Wang Yanlu, Li Tie-Qiang
Department of Clinical Science, Intervention and Technology, Karolinska Institute Stockholm, Sweden.
Department of Clinical Science, Intervention and Technology, Karolinska Institute Stockholm, Sweden ; Unit of Medical Imaging, Function, and Technology, Department of Medical Physics, Karolinska University Hospital Huddinge, Sweden.
Front Hum Neurosci. 2015 May 8;9:259. doi: 10.3389/fnhum.2015.00259. eCollection 2015.
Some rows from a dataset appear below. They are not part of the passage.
End Translation.

Definition step_key (v : variant) d h := if v is Sobl then sobl_key d h else obl_key d h.
Definition record_key (v : variant) (k : key) F := if v is Std then F else k :: F.

Lemma step_key_dep v b hd h : step_key v (Tgd b hd) h = (Tgd b hd, (step_key v (Tgd b hd) h).2).
Proof. by case: v. Qed.

Lemma step_key_head v b hd h h0 : step_key v (Tgd b hd) h = step_key v (Tgd b hd) h0 ->
  exvars b hd = [::] -> forall a, List.In a hd -> inst_atom h a = inst_atom h0 a.
Proof.
move=> Hk He a Ha; apply: eq_inst_atom => x Hx.
have Hxh : x \in vars hd by apply/varsP; exists a.
have Hxb := exvars_nil_vars He Hxh.
case: v Hk => /= [] [] /eq_in_map Hk; apply: Hk => //.
by rewrite /frontier mem_filter Hxh.
Qed.

Lemma chase_step_tgd v S I n F b hd h h' n' : v <> Core ->
  List.In (Tgd b hd) S -> trig I (Tgd b hd) h ->
  (v = Std -> active I (Tgd b hd) h) ->
  (v <> Std -> ~ List.In (step_key v (Tgd b hd) h) F) ->
  (forall x, x \in vars b -> h' x = h x) -> fresh_on h' (exvars b hd) n n' ->
  chase_step v S (St I n F)
    (St (I `|` inst_set h' hd) n' (record_key v (step_key v (Tgd b hd) h) F)).
Proof.
move=> Hv HS Ht Ha Hk Hh Hf.
have Hfire : fire I n (record_key v (step_key v (Tgd b hd) h) F) (Tgd b hd) h
    (St (I `|` inst_set h' hd) n' (record_key v (step_key v (Tgd b hd) h) F)).
  by exists (I `|` inst_set h' hd), n'; split => //; exists h'.
case: v Hv Ha Hk Hfire => // _ Ha Hk Hfire; exists I, n, F, (Tgd b hd), h.
- by do 4 split => //; exact: Ha.
- by do 3 split => //; split => //; exact: Hk.
- by do 3 split => //; split => //; exact: Hk.
Qed.

Lemma chase_stepP v S I n F s' : v <> Core -> chase_step v S (St I n F) s' ->
  exists d h, [/\ List.In d S, trig I d h, v = Std -> active I d h,
    v <> Std -> ~ List.In (step_key v d h) F &
    fire I n (record_key v (step_key v d h) F) d h s'].
Proof.
by case: v => // _ [I0 [n0 [F0 [d [h [[-> -> ->] [H1 [H2 [H3 H4]]]]]]]]]; exists d, h.
Qed.

Lemma chase_step_Fail v S s : ~ chase_step v S Fail s.
Proof.
by case: v => [| | |[? [? [? []]]]] //= [? [? [? [? [? []]]]]].
Qed.

Lemma egd_result_merge I n F p q I2 n2 F2 : p <> q -> egd_result I n F p q = St I2 n2 F2 ->
  exists u w, [/\ (u = p /\ w = q) \/ (u = q /\ w = p), exists k, u = Null k,
    I2 = rename (replace u w) I, n2 = n & F2 = F].
Proof.
rewrite /egd_result => Hne; have -> : (p == q) = false by apply/eqP.
case: p Hne => [c|a]; case: q => [c'|b] Hne //=.
- by case=> <- <- <-; exists (Null b), (Cst c); split; [right|exists b|..].
- by case=> <- <- <-; exists (Null a), (Cst c'); split; [left|exists a|..].
- case: ifP => _ [<- <- <-].
  + by exists (Null b), (Null a); split; [right|exists b|..].
  + by exists (Null a), (Null b); split; [left|exists a|..].
Qed.

(* A finite superset of the keys of the triggers on I. *)
Definition candidate_keys (S : seq dep) (I : instance) : seq key :=
  flatten [seq [seq (d, vs) | vs <- seqs_over (vals I) (size (vars (body_of d)))] | d <- S].

Definition unfired S I (F : seq key) := count (fun k => k \notin F) (candidate_keys S I).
Different machine learning algorithms have recently been used for assisting automated classification of independent component analysis (ICA) results from resting-state fMRI data. The success of this approach relies on identification of artifact components and meaningful functional networks. A limiting factor of ICA is the uncertainty of the number of independent components (NIC). We aim to develop a framework based on support vector machines (SVM) and optimized feature-selection for automated classification of independent components (ICs) and use the framework to investigate the effects of input NIC on the ICA results. Seven different resting-state fMRI datasets were studied. 18 features were devised by mimicking the empirical criteria for manual evaluation. The five most significant (p < 0.01) features were identified by general linear modeling and used to generate a classification model for the framework. This feature-optimized classification of ICs with SVM (FOCIS) framework was used to classify both group and single subject ICA results. The classification results obtained using FOCIS and previously published FSL-FIX were compared against manually evaluated results. On average the false negative rate in identifying artifact contaminated ICs for FOCIS and FSL-FIX were 98.27 and 92.34%, respectively. The number of artifact and functional network components increased almost linearly with the input NIC. Through tracking, we demonstrate that incrementing NIC affects most ICs when NIC < 33, whereas only a few limited ICs are affected by direct splitting when NIC is incremented beyond NIC > 40. For a given IC, its changes with increasing NIC are individually specific irrespective whether the component is a potential resting-state functional network or an artifact component. Using FOCIS, we investigated experimentally the ICA dimensionality of resting-state fMRI datasets and found that the input NIC can critically affect the ICA results of resting-state fMRI data.
最近,不同的机器学习算法已被用于辅助对静息态功能磁共振成像(fMRI)数据的独立成分分析(ICA)结果进行自动分类。这种方法的成功依赖于人工成分和有意义的功能网络的识别。ICA的一个限制因素是独立成分数量(NIC)的不确定性。我们旨在开发一个基于支持向量机(SVM)和优化特征选择的框架,用于独立成分(IC)的自动分类,并使用该框架研究输入NIC对ICA结果的影响。研究了七个不同的静息态fMRI数据集。通过模仿人工评估的经验标准设计了18个特征。通过一般线性模型识别出五个最显著(p < 0.01)的特征,并将其用于生成该框架的分类模型。这个使用SVM的IC特征优化分类(FOCIS)框架被用于对组和单受试者的ICA结果进行分类。将使用FOCIS和先前发表的FSL - FIX获得的分类结果与人工评估结果进行比较。平均而言,FOCIS和FSL - FIX在识别受人工成分污染的IC时的假阴性率分别为98.27%和92.34%。人工成分和功能网络成分的数量几乎随输入NIC呈线性增加。通过跟踪,我们证明当NIC < 33时,增加NIC会影响大多数IC,而当NIC增加超过NIC > 40时,只有少数有限的IC会受到直接分裂的影响。对于给定的IC,无论该成分是潜在的静息态功能网络还是人工成分,其随NIC增加的变化都是个体特异的。使用FOCIS,我们通过实验研究了静息态fMRI数据集的ICA维度,发现输入NIC会严重影响静息态fMRI数据的ICA结果。